# WHAT THE EXERCISE ASKS
The answer must consist solely of the lines from the one containing "by move/(cone_pointed Kv" to the end of the entries below, repeated exactly.

··· INFORMATION SHOWN ···

Lemma cone0 : K 0.
Proof. by rewrite -(scale0r v); apply: (coneZ Kv) (lexx _) cone_unit. Qed.

Lemma norm_unit_gt0 : 0 < `|v|.
Proof. by rewrite normr_gt0 (unit_neq0 Kv). Qed.

Lemma cone_scale_unit_ge0 (c : R) : K (c *: v) -> 0 <= c.
Proof.
move=> Kc; rewrite leNgt; apply/negP => c_lt0.
have : K (- v).
  have -> : - v = (- c^-1) *: (c *: v).
    by rewrite scalerA mulNr mulVf ?lt_eqF // scaleN1r.
  by apply: (coneZ Kv) Kc; rewrite oppr_ge0 invr_le0 ltW.
by move/(cone_pointed Kv cone_unit)/eqP; rewrite (negbTE (unit_neq0 Kv)).
Qed.

Section UnitBall.
Variable r : R.
Hypothesis r_gt0 : 0 < r.
Hypothesis ball_unit : forall y, `|v - y| < r -> K y.

Lemma cone_addr_large_unit (u : V) (l : R) : `|u| / r < l -> K (u + l *: v).
Proof.
move=> ul; have l_gt0 : 0 < l by apply: le_lt_trans ul; rewrite divr_ge0 // ltW.
have -> : u + l *: v = l *: (l^-1 *: u + v).
  by rewrite scalerDr scalerA mulfV ?gt_eqF // scale1r.
apply: (coneZ Kv) (ltW l_gt0) _; apply: ball_unit.
rewrite opprD addrCA subrr addr0 normrN normrZ gtr0_norm ?invr_gt0 //.
rewrite mulrC ltr_pdivrMr //; rewrite ltr_pdivrMr // in ul.
by rewrite mulrC.
Qed.

Lemma cone_addr_unit_lb (u : V) (l : R) : K (u + l *: v) -> - (`|u| / r + 1) <= l.
Proof.
move=> Kl; have Kopp : K (- u + (`|u| / r + 1) *: v).
  by apply: cone_addr_large_unit; rewrite normrN ltrDl.
have := coneD Kv Kl Kopp; rewrite addrACA addrN add0r -scalerDl.
by move=> /cone_scale_unit_ge0; lra.
Qed.

Lemma gauge_le_norm (u : V) : gauge u <= `|u| / r.
Proof.
apply/ler_addgt0Pr => e e_gt0; apply: ge_inf.
  by exists (- (`|u| / r + 1)) => l; apply: cone_addr_unit_lb.
by apply: cone_addr_large_unit; rewrite ltrDl.
Qed.

Lemma osc_le_norm (u : V) : osc u <= 2 * (`|u| / r).
Proof. by have := gauge_le_norm u; have := gauge_le_norm (- u); rewrite normrN /osc; lra. Qed.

···

# SOLUTION
by move/(cone_pointed Kv cone_unit)/eqP; rewrite (negbTE (unit_neq0 Kv)).
Qed.

Section UnitBall.
Variable r : R.
Hypothesis r_gt0 : 0 < r.
Hypothesis ball_unit : forall y, `|v - y| < r -> K y.

Lemma cone_addr_large_unit (u : V) (l : R) : `|u| / r < l -> K (u + l *: v).
Proof.
move=> ul; have l_gt0 : 0 < l by apply: le_lt_trans ul; rewrite divr_ge0 // ltW.
have -> : u + l *: v = l *: (l^-1 *: u + v).
  by rewrite scalerDr scalerA mulfV ?gt_eqF // scale1r.
apply: (coneZ Kv) (ltW l_gt0) _; apply: ball_unit.
rewrite opprD addrCA subrr addr0 normrN normrZ gtr0_norm ?invr_gt0 //.
rewrite mulrC ltr_pdivrMr //; rewrite ltr_pdivrMr // in ul.
by rewrite mulrC.
Qed.

Lemma cone_addr_unit_lb (u : V) (l : R) : K (u + l *: v) -> - (`|u| / r + 1) <= l.
Proof.
move=> Kl; have Kopp : K (- u + (`|u| / r + 1) *: v).
  by apply: cone_addr_large_unit; rewrite normrN ltrDl.
have := coneD Kv Kl Kopp; rewrite addrACA addrN add0r -scalerDl.
by move=> /cone_scale_unit_ge0; lra.
Qed.

Lemma gauge_le_norm (u : V) : gauge u <= `|u| / r.
Proof.
apply/ler_addgt0Pr => e e_gt0; apply: ge_inf.
  by exists (- (`|u| / r + 1)) => l; apply: cone_addr_unit_lb.
by apply: cone_addr_large_unit; rewrite ltrDl.
Qed.

Lemma osc_le_norm (u : V) : osc u <= 2 * (`|u| / r).
Proof. by have := gauge_le_norm u; have := gauge_le_norm (- u); rewrite normrN /osc; lra. Qed.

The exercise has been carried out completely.